Three pairs of GLR cells (GLRDL/R, GLRL/R, GLRVL/R) lie within the pseudocoelom at the level of the pharyngeal isthmus, slightly posterior to the nerve ring (GlrFIG 1). They are arranged in a sixfold symmetrical manner (GlrFIG 2). The cell bodies of the GLRs lie near the dorsal and ventral insertions of the muscle arms of the head, where the muscle arms enlarge to dive toward the isthmus of the pharynx. This close physical proximity may reflect the common lineage of the GLRs and the body wall muscles because both derive from the MS lineage. Their sister cells also include the head mesodermal cell, the pharyngeal musculature, and the coelomocytes (For more information see sections for: Head Mesomdermal Cell, Nonstriated Muscle, Coelomocytes).

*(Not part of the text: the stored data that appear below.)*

Lemma upper_limitP F C z : upper_limit F C z <->
  forall A W, F A -> nbhs z W -> exists2 k, A k & C k `&` W !=set0.
Proof.
split=> [Lz A W FA zW | Lz B W [A FA sA] zW].
  have FCA : filter_from F (fun A => \bigcup_(k in A) C k) (\bigcup_(k in A) C k).
    by exists A.
  by have [w [[k Ak Ckw] Ww]] := Lz _ W FCA zW; exists k => //; exists w.
have [k Ak [w [Ckw Ww]]] := Lz A W FA zW.
by exists w; split => //; apply: sA; exists k.
Qed.

Lemma upper_limit_closed F C : closed (upper_limit F C).
Proof.
by rewrite /upper_limit clusterE; apply: closed_bigI => A _; exact: closed_closure.
Qed.

Lemma cvg_upper_limit {F : set_system I} {FF : ProperFilter F} {C : I -> set T}
    {a : I -> T} {p : T} :
  a @ F --> p -> (\forall k \near F, C k (a k)) -> upper_limit F C p.
Proof.
move=> ap Ca; apply/upper_limitP => A W FA pW.
have [k [[Ak Cak] Wak]] := filter_ex (filterI (filterI FA Ca) (ap _ pW)).
by exists k => //; exists (a k).
Qed.

(* By compactness, a cluster point of the parts of the C k outside O would
   lie in the upper limit. *)
Lemma upper_limit_sub_open {F : set_system I} {FF : Filter F} {C : I -> set T}
    {O : set T} :
  compact [set: T] -> open O -> upper_limit F C `<=` O ->
  \forall k \near F, C k `<=` O.
Proof.
move=> cT oO LO; apply: contrapT => notO.
pose G := filter_from F (fun A => \bigcup_(k in A) (C k `\` O)).
have GF A : F A -> G (\bigcup_(k in A) (C k `\` O)) by exists A.
have G_proper : ProperFilter G.
  apply: filter_from_proper; first apply: filter_from_filter.
  - by exists setT; exact: filterT.
  - move=> A B FA FB; exists (A `&` B); first exact: filterI.
    by move=> w [k [Ak Bk] Ckw]; split; exists k.
  - move=> A FA; apply: contrapT => noA; apply: notO.
    apply: filterS FA => k Ak w Ckw; apply: contrapT => nOw.
    by apply: noA; exists w; exists k.
have [z [_ Gz]] := cT G G_proper filterT.
have Oz : O z.
  apply: LO; apply/upper_limitP => A W FA zW.
  have [w [[k Ak [Ckw _]] Ww]] := Gz _ W (GF A FA) zW.
  by exists k => //; exists w.
have [w [[k _ [_ nOw]] Ow]] := Gz _ _ (GF _ filterT) (open_nbhs_nbhs (conj oO Oz)).
exact: nOw.
Qed.

End upper_limit.

Lemma image_upper_limit {T U : topologicalType} {I : Type} (h : T -> U)
    (F : set_system I) (C : I -> set T) : continuous h ->
  h @` upper_limit F C `<=` upper_limit F (fun k => h @` C k).
Proof.
move=> hc _ [z /upper_limitP Lz <-]; apply/upper_limitP => A W FA hzW.
have [k Ak [w [Ckw Whw]]] := Lz A _ FA (hc z _ hzW).
by exists k => //; exists (h w); split => //; exists w.
Qed.

(* Separate the two pieces of a splitting of the upper limit by disjoint open
   sets: eventually C k lies in their union and meets the one containing p,
   while frequently it meets the other, against the connectedness of C k. *)
Lemma upper_limit_connected {R : realType} {T : pseudoMetricType R} {I : Type}
    {F : set_system I} {FF : ProperFilter F} {C : I -> set T} {a : I -> T} {p : T} :
  compact [set: T] -> (forall k, connected (C k)) ->
  a @ F --> p -> (\forall k \near F, C k (a k)) -> connected (upper_limit F C).
Proof.
move=> cT Cconn ap Ca; set L := upper_limit F C.
have Lp : L p by exact: cvg_upper_limit ap Ca.
apply/connectedP => E [E0 LE sepE].
wlog Ep : E E0 LE sepE / E false p.
  move=> wlog; move: (Lp); rewrite LE => -[|Etp]; first exact: wlog.
  by apply: (wlog (fun b => E (~~ b))) => //=; rewrite 1?setUC 1?separatedC.
have clL : closed (E false `|` E true) by rewrite -LE; exact: upper_limit_closed.
have clE b : closed (E b).
  case: b; last exact: separated_closedl sepE clL.
  by apply: (@separated_closedl _ _ (E false)); [rewrite separatedC | rewrite setUC].
have [U [V [oU oV EU EV UV0]]] := (@normal_openP R T).1 pseudometric_normal _ _
  (clE false) (clE true) (separated_disjoint sepE).
have CUV : \forall k \near F, C k `<=` U `|` V.
  apply: upper_limit_sub_open cT (openU oU oV) _.
  by rewrite -/L LE => z [/EU|/EV]; [left|right].
have nearU : \forall k \near F, C k `&` U !=set0.
  apply: filterS (filterI Ca (ap U (open_nbhs_nbhs (conj oU (EU _ Ep))))).
  by move=> k; exists (a k).
have [e Ee] := E0 true.
have Le : L e by rewrite LE; right.
have [k [CkUV [u [Cku Uu]]] [v [Ckv Vv]]] := (upper_limitP _ _ _).1 Le _ V
  (filterI CUV nearU) (open_nbhs_nbhs (conj oV (EV _ Ee))).
have notUV w : U w -> V w -> False.
  by move=> Uw Vw; have : (U `&` V) w by []; rewrite UV0.
have [CkU | CkV] := connected_subset (open_disjoint_separated oU oV UV0) CkUV (Cconn k).
  exact: notUV (CkU _ Ckv) Vv.
exact: notUV Uu (CkV _ Cku).
Qed.

Lemma not_cvg0_ultra {R : realType} (u : nat -> R) : ~ (u k @[k --> \oo] --> 0) ->
  exists2 del : R, 0 < del & exists2 U : set_system nat, UltraFilter U &
    forall n, U [set k | (n <= k)%N /\ del <= `|u k|].
Proof.
move=> u_not0.
have [del del_gt0 far] : exists2 del : R, 0 < del &
    forall n, exists2 k, (n <= k)%N & del <= `|u k|.
  apply: contrapT => nfar; apply: u_not0; apply/cvgrPdist_le => e e_gt0.
  apply: contrapT => nevent; apply: nfar; exists e => // n.
  apply: contrapT => nk; apply: nevent; exists n => // k /= nk'.
  rewrite sub0r normrN; apply: ltW; rewrite ltNge; apply/negP => ek.
  by apply: nk; exists k.
pose F0 := filter_from [set: nat] (fun n => [set k | (n <= k)%N /\ del <= `|u k|]).
have F0_proper : ProperFilter F0.
  apply: filter_from_proper; first apply: filter_from_filter; first by exists 0%N.
    move=> m n _ _; exists (maxn m n) => // k [mnk uk].
    by split; split => //; apply: leq_trans mnk; rewrite ?leq_maxl ?leq_maxr.
  by move=> n _; have [k nk uk] := far n; exists k.
have [U [UU F0U]] := ultraFilterLemma F0_proper.
by exists del => //; exists U => // n; apply: F0U; exists n.
Qed.

Section metric.
Context {R : realType} {X : metricType R}.

Lemma closed_mdist_le (c : X) e : closed [set z | mdist c z <= e].
Proof.
move=> z clz; apply/ler_addgt0Pr => r r_gt0.
have [w [/= cw]] := clz _ (nbhsx_ballx z r r_gt0); rewrite ballEmdist /= => zw.
by have := metric_triangle c w z; rewrite (metric_sym w z); lra.
Qed.

Lemma lim_mdist_ge {I : Type} {F : set_system I} {FF : ProperFilter F}
    {a b : I -> X} {p q : X} {del : R} :
  a @ F --> p -> b @ F --> q -> (\forall k \near F, del <= mdist (a k) (b k)) ->
  del <= mdist p q.
Proof.
move=> ap bq farF; apply/ler_addgt0Pr => r r_gt0.
have r2_gt0 : 0 < r / 2 by rewrite divr_gt0.
have [k [[dk ak] bk]] := filter_ex (filterI (filterI farF
  (metricType_numDomainType.cvgr_dist_lt ap r2_gt0))
  (metricType_numDomainType.cvgr_dist_lt bq r2_gt0)).
have := metric_triangle (a k) p (b k); have := metric_triangle p q (b k).
by rewrite (metric_sym (a k) p) /=; lra.
Qed.

Lemma compact_mdist_bounded :
  compact [set: X] -> exists M, forall a b : X, mdist a b <= M.
Proof.
move=> cX; have [[x0 _]|noX] := pselect (exists x0 : X, True); last first.
  by exists 0 => a; case: noX; exists a.
have /filter_ex[M x0_le] : \forall M \near +oo, [set: X] `<=` [set y | mdist x0 y < M].
  apply: (compact_near_coveringP _).1 cX R (pinfty_nbhs R)
    (fun M y => mdist x0 y < M) _ _.
  move=> x _; exists (ball x 1, [set M | mdist x0 x + 1 < M]).
    by split; [exact: nbhsx_ballx | apply: nbhs_pinfty_gt; exact: num_real].
  move=> [y M] [/= xy xM]; rewrite ballEmdist /= in xy.
  by have := metric_triangle x0 x y; lra.
exists (M + M) => a b; apply: le_trans (metric_triangle a x0 b) _.
by rewrite metric_sym; apply: lerD; apply: ltW; apply: x0_le.
Qed.

Lemma mdist_le_diam {A : set X} {a b : X} :
  compact [set: X] -> A a -> A b -> mdist a b <= diam A.
Proof.
move=> cX Aa Ab; have [M leM] := compact_mdist_bounded cX.
apply: ub_le_sup; last by exists a => //; exists b.
by exists M => _ [a' _ [b' _ <-]].
Qed.

Lemma diam_le_double_radius (A : set X) c e :
  A !=set0 -> A `<=` [set z | mdist c z <= e] -> diam A <= 2 * e.
Proof.
move=> [a Aa] Ace; apply: ge_sup; first by exists (mdist a a); exists a => //; exists a.
move=> _ [z Az [w Aw <-]]; have := Ace _ Az; have := Ace _ Aw.
by have := metric_triangle z c w; rewrite (metric_sym z c) /=; lra.
Qed.

Lemma upper_limit_mdist_le {I : Type} {F : set_system I} {FF : Filter F}
    (C : I -> set X) (a : I -> X) (c : X) e :
  a @ F --> c -> (\forall k \near F, C k `<=` [set w | mdist (a k) w <= e]) ->
  upper_limit F C `<=` [set z | mdist c z <= e].
Proof.
move=> ac Ce z /upper_limitP Lz /=; apply/ler_addgt0Pr => r r_gt0.
have r2_gt0 : 0 < r / 2 by rewrite divr_gt0.
have ac_near : \forall k \near F, mdist c (a k) < r / 2.
  exact: metricType_numDomainType.cvgr_dist_lt ac _ r2_gt0.
have [k [Cke ack] [w [Ckw]]] := Lz _ _ (filterI Ce ac_near) (nbhsx_ballx z _ r2_gt0).
rewrite ballEmdist /= => zw; have := Cke _ Ckw.
have := metric_triangle c (a k) w; have := metric_triangle c w z.
by rewrite (metric_sym w z) /=; lra.
Qed.

Lemma continuum_image {h : X -> X} {C : set X} :
  continuous h -> continuum C -> continuum (h @` C).
Proof.
move=> hc [[x Cx] cC conC]; have hCc := @continuous_subspaceT _ _ C _ hc.
split; first by exists (h x); exists x.
  exact: continuous_compact.
exact: connected_continuous_connected.
Qed.

End metric.

Section dynamics.
Context {R : realType} {X : metricType R} (f g : X -> X).

Definition expands_within (alpha eps : R) (N : nat) :=
  forall C : set X, continuum C -> diam C >= eps ->
    exists n : int, `|n| <= N%:Z /\ diam (zpow f g n @` C) > alpha.

Lemma continuous_zpow n : homeo f g -> continuous (zpow f g n).
Proof. by case=> fc gc _ _; case: n => k; apply: continuous_iter. Qed.

Lemma zpow_iter {j : int} {k m : nat} y : cancel f g ->
  k%:Z + j = m%:Z -> zpow f g j (iter k f y) = iter m f y.
Proof.
move=> fK; case: j => [a|a] /= kjm; first by rewrite -iterD; congr iter; lia.
have -> : k = (a.+1 + m)%N by lia.
rewrite iterD -[g (iter a g _)]iterS; elim: a.+1 (iter m f y) => // n IHn z.
by rewrite [iter n.+1 f z]iterS iterSr fK IHn.
Qed.

Lemma image_zpow_iter (A : set X) {j : int} {k m : nat} : cancel f g ->
  k%:Z + j = m%:Z -> zpow f g j @` (iter k f @` A) = iter m f @` A.
Proof.
by move=> fK kjm; rewrite image_comp; apply: eq_imagel => y _; exact: zpow_iter.
Qed.

Lemma closed_Ws_eps e x : continuous f -> closed (Ws_eps f e x).
Proof.
move=> fc; have -> : Ws_eps f e x =
    \bigcap_(k in [set: nat]) (iter k f @^-1` [set z | mdist (iter k f x) z <= e]).
  by apply/seteqP; split=> [y Wy k _ | y Wy k]; [exact: Wy | exact: Wy k I].
apply: closed_bigI => k _; apply: preimage_closed; last exact: closed_mdist_le.
by move=> y _; exact: continuous_iter.
Qed.

Lemma CWs_eps_refl e x : 0 <= e -> CWs_eps f e x x.
Proof. by move=> e_ge0; apply: connected_component_refl => k; rewrite mdistxx. Qed.

Lemma iter_Ws_eps_sub e x t :
  iter t f @` Ws_eps f e x `<=` [set z | mdist (iter t f x) z <= e].
Proof. by move=> _ [y Wy <-]; exact: Wy. Qed.

Lemma continuum_CWs_eps e x : compact [set: X] -> continuous f -> 0 <= e ->
  continuum (CWs_eps f e x).
Proof.
move=> cX fc e_ge0; split; first by exists x; exact: CWs_eps_refl.
  apply: subclosed_compact cX (@subsetT _ _).
  exact: component_closed (closed_Ws_eps _ _ fc).
exact: component_connected.
Qed.

Lemma iter_CWs_eps_sub {alpha eps : R} {N : nat} {x : X} {n : nat} :
  compact [set: X] -> homeo f g -> 0 <= alpha -> expands_within alpha eps N ->
  (N <= n)%N ->
  iter n f @` CWs_eps f (alpha / 2) x `<=` CWs_eps f eps (iter n f x).
Proof.
move=> cX hfg alpha_ge0 expands Nn; have [fc _ fK _] := hfg.
set C := CWs_eps f (alpha / 2) x.
have alpha2_ge0 : 0 <= alpha / 2 by rewrite divr_ge0.
have Cx : C x := CWs_eps_refl _ _ alpha2_ge0.
have Ct t : continuum (iter t f @` C).
  exact: continuum_image (continuous_iter _ t fc)
    (continuum_CWs_eps _ _ cX fc alpha2_ge0).
apply: connected_component_max; first by exists x.
  move=> _ [y Cy <-] k; rewrite -!iterD leNgt; apply/negP => far.
  have [m [mN expm]] := expands _ (Ct (k + n)%N)
    (le_trans (ltW far) (mdist_le_diam cX (imageP _ Cx) (imageP _ Cy))).
  have [t knmt] : exists t : nat, (k + n)%N%:Z + m = t%:Z.
    by exists (absz ((k + n)%N%:Z + m)); rewrite gez0_abs //; lia.
  rewrite (image_zpow_iter C fK knmt) in expm.
  suff : diam (iter t f @` C) <= 2 * (alpha / 2) by lra.
  apply: diam_le_double_radius; first by exists (iter t f x); exists x.
  apply: subset_trans (iter_Ws_eps_sub _ _ _).
  by apply: image_subset; exact: connected_component_sub.
by case: (Ct n).
Qed.
(* Let $n\ge3$, $d=\phi(n)/2$, $G=\mathrm{Gal}(\mathbf Q(\mu_n)|\mathbf Q)$, $c\in G$ complex conjugation, and let $\Phi=\{\Phi_1,\dots,\Phi_d\}\subseteq G$ be a C.M. type (so $G=\Phi\sqcup c\Phi$). Let $f:G\to\mathbf C$ be odd, i.e. $f(c\circ x)=-f(x)$ for all $x$, and let $M_f$ be the $d\times d$ matrix $[f(\Phi_k^{-1}\circ\Phi_l)]_{l,k}$. If $\langle\chi,f\rangle\neq0$ for all odd characters $\chi$ of $G$, then $M_f$ is invertible and the solution of $M_f\vec X=\vec Y$, $\vec X=(X_1,\dots,X_d)$, $\vec Y=(Y_1,\dots,Y_d)$, is $$X_j=\sum_{\chi\ \mathrm{odd}}\frac{\chi(\Phi_j)\sum_l\overline\chi(\Phi_l)Y_l}{d^2\langle f,\chi\rangle}.$$
   Context: $\langle a,b\rangle=\frac1{\#G}\sum_{g\in G}a(g)\overline{b(g)}$. A character $\chi$ of $G$ is odd if $\chi(c)=-1$. *)

From HB Require Import structures.
From mathcomp Require Import all_boot all_order all_algebra all_fingroup all_solvable all_field all_character.
Set Implicit Arguments. Unset Strict Implicit. Unset Printing Implicit Defensive.
Import GRing.Theory Num.Theory.
Local Open Scope ring_scope.

(* G = Gal(Q(mu_n)|Q) identified with (Z/nZ)^x via sigma_a(zeta) = zeta^a. *)
Definition Gal_cyc (n : nat) : finGroupType := {unit 'Z_n}.

(* complex conjugation = sigma_{-1} *)
Definition cconj (n : nat) : Gal_cyc n := @FinRing.Unit ('Z_n) (-1) (unitrN1 ('Z_n)).

Definition dotG (gT : finGroupType) (a b : gT -> algC) : algC :=
  (#|gT|%:R)^-1 * \sum_(g : gT) a g * (b g)^*.

Definition CM_type (gT : finGroupType) (c : gT) (d : nat) (Phi : 'I_d -> gT) : Prop :=
  injective Phi /\ (forall k l, (c * Phi k)%g != Phi l) /\
  (forall x : gT, exists k, x = Phi k \/ x = (c * Phi k)%g).

Definition odd_fun (gT : finGroupType) (c : gT) (f : gT -> algC) : Prop :=
  forall x, f (c * x)%g = - f x.

Definition Mf (gT : finGroupType) (d : nat) (Phi : 'I_d -> gT) (f : gT -> algC)
  : 'M[algC]_d := \matrix_(l < d, k < d) f ((Phi k)^-1 * Phi l)%g.

From HB Require Import structures.
From mathcomp Require Import all_boot all_order all_algebra all_fingroup all_solvable all_field all_character.
From mathcomp Require Import ring.
Set Implicit Arguments.
Unset Strict Implicit.
Unset Printing Implicit Defensive.
Import GRing.Theory Num.Theory.
Local Open Scope ring_scope.

(* The row vectors (conj chi(Phi_l))_l, for chi odd, are left eigenvectors of
   M_f with eigenvalue d <f, chi>: as f and chi are both odd, the sum over Phi
   is half the sum over G, which is #|G| <f, chi> up to a translation by Phi_k.
   By the second orthogonality relation, sum_(chi odd) chi(Phi_j) conj chi(Phi_k)
   = d [j = k], so these d eigenvectors form a basis and invert M_f explicitly. *)

Lemma dotG_conjC (gT : finGroupType) (a b : gT -> algC) :
  (dotG a b)^* = dotG b a.
Proof.
rewrite /dotG rmorphM fmorphV rmorph_nat rmorph_sum /=; congr (_ * _).
by apply: eq_bigr => g _; rewrite rmorphM /= conjCK mulrC.
Qed.

Section CMType.

Variables (gT : finGroupType) (c : gT) (d : nat) (Phi : 'I_d -> gT).
Hypothesis CM : CM_type c Phi.

Lemma sum_CM_type (R : nmodType) (h : gT -> R) :
  \sum_x h x = \sum_k h (Phi k) + \sum_k h (c * Phi k)%g.
Proof.
have [injPhi [cPhi_neq coverPhi]] := CM.
rewrite (bigID (mem (Phi @: 'I_d))) /= big_imset /=; last first.
  by move=> x y _ _; apply: injPhi.
congr (_ + _); rewrite -(big_imset _ (in2W (inj_comp (mulgI c) injPhi))) /=.
apply: eq_bigl => x; apply/idP/imsetP => [notPhi_x | [k _ ->]].
  have [k [x_eq | ->]] := coverPhi x; last by exists k.
  by rewrite x_eq imset_f in notPhi_x.
by apply/imsetP => -[l _ /eqP]; rewrite (negbTE (cPhi_neq k l)).
Qed.

Lemma card_CM_type : #|gT| = d.*2.
Proof.
by rewrite -sum1_card (@sum_CM_type nat (fun=> 1%N)) !sum_nat_const card_ord muln1 -addnn.
Qed.

Lemma CM_type_natr_neq0 : (d%:R : algC) != 0.
Proof.
by rewrite pnatr_eq0 -lt0n -double_gt0 -card_CM_type; apply/card_gt0P; exists 1%g.
Qed.

End CMType.

Section OddCharacters.

Variables (gT : finGroupType) (c : gT) (d : nat) (Phi : 'I_d -> gT).
Hypotheses (abG : abelian [set: gT]) (c_invol : (c * c = 1)%g).
Hypothesis CM : CM_type c Phi.

Local Notation G := [set: gT]%G.

Lemma abelian_commute (x y : gT) : commute x y.
Proof. exact: centsP abG x (in_setT x) y (in_setT y). Qed.

Lemma irr_abelianM (i : Iirr G) x y : 'chi_i (x * y)%g = 'chi_i x * 'chi_i y.
Proof. by rewrite (lin_charM (char_abelianP G abG i)) ?inE. Qed.

Lemma irr_invol_sign (i : Iirr G) : ('chi_i c == 1) || ('chi_i c == -1).
Proof.
by rewrite -sqrf_eq1 expr2 -irr_abelianM c_invol (lin_char1 (char_abelianP G abG i)).
Qed.

Lemma sum_irr_mul_conjC x y :
  \sum_(i : Iirr G) 'chi_i x * ('chi_i y)^* = #|gT|%:R *+ (x == y).
Proof.
rewrite second_orthogonality_relation ?inE // (abelian_classP _ abG) ?inE //.
rewrite (setIidPl _) ?cardsT // sub_cent1.
by apply: subsetP abG x (in_setT x).
Qed.

Lemma sum_odd_irr_mul_conjC j k :
  \sum_(i : Iirr G | 'chi_i c == -1) 'chi_i (Phi j) * ('chi_i (Phi k))^*
    = d%:R *+ (j == k).
Proof.
have [injPhi [cPhi_neq _]] := CM.
have one_neqN1 : ((1 : algC) == -1) = false.
  by apply/negbTE; rewrite -addr_eq0 -mulr2n -mulr_natl mulr1 pnatr_eq0.
pose a i x := 'chi[G]_i x * ('chi_i (Phi k))^*.
have odd_part i : (if 'chi_i c == -1 then a i (Phi j) else 0) *+ 2
                  = a i (Phi j) - a i (c * Phi j)%g.
  rewrite /a irr_abelianM.
  by case/orP: (irr_invol_sign i) => /eqP ->;
    rewrite ?eqxx ?one_neqN1 ?mul0rn ?mul1r ?subrr // mulN1r mulNr opprK mulr2n.
apply: (@pmulrnI _ 2) => //; rewrite big_mkcond -sumrMnl /=.
rewrite (eq_bigr _ (fun i _ => odd_part i)) sumrB !sum_irr_mul_conjC.
rewrite (inj_eq injPhi) (negbTE (cPhi_neq j k)) subr0 (card_CM_type CM).
by rewrite -muln2 natrM mulr_natr -mulrnA mulnC mulrnA.
Qed.

Variable f : gT -> algC.
Hypothesis oddf : odd_fun c f.

Lemma sum_Phi_odd_fun (i : Iirr G) k : 'chi_i c = -1 ->
  \sum_l ('chi_i (Phi l))^* * f ((Phi k)^-1 * Phi l)%g
    = ('chi_i (Phi k))^* * d%:R * dotG f (fun x => 'chi_i x).
Proof.
move=> odd_i; pose h x := ('chi_i x)^* * f ((Phi k)^-1 * x)%g.
have h_c x : h (c * x)%g = h x.
  rewrite /h irr_abelianM odd_i mulN1r rmorphN mulgA -(abelian_commute c) -mulgA.
  by rewrite oddf mulrNN.
have := sum_CM_type CM h; rewrite (eq_bigr _ (fun l _ => h_c (Phi l))) -mulr2n.
rewrite (reindex_inj (mulgI (Phi k))) /= => sum_h.
apply: (@pmulrnI _ 2) => //; rewrite -sum_h /h /dotG.
under eq_bigr => g _ do rewrite mulKg irr_abelianM rmorphM /= -mulrA (mulrC _ (f g)).
rewrite -big_distrr /= mulrA (card_CM_type CM) -mul2n natrM -mulr_natr.
by field; rewrite (CM_type_natr_neq0 CM).
Qed.

Lemma sum_conjC_irr_Mf_mul (i : Iirr G) m (X : 'M_(d, m)) q : 'chi_i c = -1 ->
  \sum_l ('chi_i (Phi l))^* * (Mf Phi f *m X) l q
    = d%:R * dotG f (fun x => 'chi_i x) * \sum_l ('chi_i (Phi l))^* * X l q.
Proof.
move=> odd_i; under eq_bigr => l _ do rewrite mxE big_distrr.
rewrite exchange_big big_distrr; apply: eq_bigr => k _ /=.
under eq_bigr => l _ do rewrite mxE mulrA.
by rewrite -big_distrl sum_Phi_odd_fun //=; ring.
Qed.

Hypothesis dot_odd_neq0 :
  forall i : Iirr G, 'chi_i c = -1 -> dotG f (fun x => 'chi_i x) != 0.

Definition Mf_inv : 'M[algC]_d := \matrix_(j, l)
  \sum_(i : Iirr G | 'chi_i c == -1)
    'chi_i (Phi j) * ('chi_i (Phi l))^* / ((d ^ 2)%:R * dotG f (fun x => 'chi_i x)).

Lemma Mf_inv_mulE m (Y : 'M_(d, m)) j q :
  (Mf_inv *m Y) j q = \sum_(i : Iirr G | 'chi_i c == -1)
    'chi_i (Phi j) * (\sum_l ('chi_i (Phi l))^* * Y l q) /
    ((d ^ 2)%:R * dotG f (fun x => 'chi_i x)).
Proof.
rewrite mxE; under eq_bigr do rewrite mxE big_distrl.
rewrite exchange_big; apply: eq_bigr => i _ /=.
rewrite big_distrr big_distrl; apply: eq_bigr => l _ /=.
by ring.
Qed.

Lemma Mf_invK m (X : 'M_(d, m)) : Mf_inv *m (Mf Phi f *m X) = X.
Proof.
have d_neq0 := CM_type_natr_neq0 CM.
apply/matrixP => j q; rewrite Mf_inv_mulE.
transitivity (d%:R^-1 * \sum_(i : Iirr G | 'chi_i c == -1)
    \sum_l 'chi_i (Phi j) * ('chi_i (Phi l))^* * X l q).
  rewrite [RHS]big_distrr; apply: eq_bigr => i /eqP odd_i /=.
  rewrite sum_conjC_irr_Mf_mul //; under [X in _ = _ * X]eq_bigr do rewrite -mulrA.
  rewrite -big_distrr /=.
  move: (dot_odd_neq0 odd_i) (\sum_l _) => D_neq0 S.
  by rewrite natrX; field; rewrite d_neq0.
rewrite exchange_big /=.
under eq_bigr => l _ do rewrite -big_distrl /= sum_odd_irr_mul_conjC.
rewrite (bigD1 j) //= big1 ?addr0 ?eqxx ?mulr1n ?mulKf //.
by move=> l; rewrite eq_sym => /negbTE ->; rewrite mulr0n mul0r.
Qed.

Lemma mulmx_Mf_inv : Mf_inv *m Mf Phi f = 1%:M.
Proof. by rewrite -[Mf_inv *m _]mulmx1 -mulmxA Mf_invK. Qed.

End OddCharacters.

Lemma Gal_cyc_abelian n : abelian [set: Gal_cyc n].
Proof.
by apply/centsP => x _ y _; apply: val_inj; rewrite !FinRing.val_unitM mulrC.
Qed.

Lemma cconj_invol n : (cconj n * cconj n = 1)%g.
Proof.
by apply: val_inj; rewrite FinRing.val_unitM FinRing.val_unit1 /= mulrNN mulr1.
Qed.

Theorem lemma5p4 (n : nat) (hn : (3 <= n)%N)
  (Phi : 'I_(totient n %/ 2) -> Gal_cyc n)
  (hPhi : CM_type (cconj n) Phi)
  (f : Gal_cyc n -> algC) (hf : odd_fun (cconj n) f)
  (hchi : forall i : Iirr [set: Gal_cyc n]%G,
      'chi_i (cconj n) = -1 -> dotG (fun x => 'chi_i x) f != 0) :
  Mf Phi f \in unitmx /\
  forall X Y : 'cV[algC]_(totient n %/ 2), Mf Phi f *m X = Y ->
    forall j, X j ord0 =
      \sum_(i : Iirr [set: Gal_cyc n]%G | 'chi_i (cconj n) == -1)
        'chi_i (Phi j) * (\sum_l ('chi_i (Phi l))^* * Y l ord0) /
        (((totient n %/ 2) ^ 2)%:R * dotG f (fun x => 'chi_i x)).
Proof.
have abG := Gal_cyc_abelian n; have c_invol := cconj_invol n.
have dot_odd_neq0 (i : Iirr [set: Gal_cyc n]%G) :
    'chi_i (cconj n) = -1 -> dotG f (fun x => 'chi_i x) != 0.
  by move=> odd_i; rewrite -dotG_conjC conjC_eq0; apply: hchi.
split.
  by have [] := mulmx1_unit (mulmx_Mf_inv abG c_invol hPhi hf dot_odd_neq0).
by move=> X Y <- j; rewrite -Mf_inv_mulE (Mf_invK abG c_invol hPhi hf dot_odd_neq0).
Qed.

GlrFIG 1 Nuclei positions in the nerve ring
GlrFIG 1: Nuclei positions in the nerve ring. Based on Sulston et al., 1983.
GlrFIG 2 GLR cells and their processes
GlrFIG 2: GLR cells and their processes. A. Cell bodies of GLR cells are aligned dorsoventrally, just posterior to the nerve ring on each side of the pharynx isthmus. A thin, leaf-like process grows out of each cell to wrap the interior of the muscle-neuron plates of the nerve ring (inset). At the anterior edge of the nerve ring, this process narrows down to a thin rod that joins the labial process bundles and travels anteriorly to the level of the anterior end of the pharynx, where it peters out. B. Epifluorescent image from a transgenic animal expressing the gly-18::GFP reporter gene. The GLRL soma is seen on the lateral side of the isthmus. Anteriorly to the nerve ring region, the GLR process becomes quite thin and continues to travel along the lateral side of the pharynx, left lateral view. (Strain source: C.E. Warren, A. Krizus, and J.W. Dennis.) C. Epifluorescent image from a transgenic animal expressing the C05D9.1::GFP reporter gene, left lateral view. The anterior GLR processes flatten out at the nerve ring (NR) region. (Image source: R. Newbury. The Genome BC C. elegans gene expression consortium [McKay et al., 2004].) D. DIC image of the same animal as in C. Bar, 10 μm.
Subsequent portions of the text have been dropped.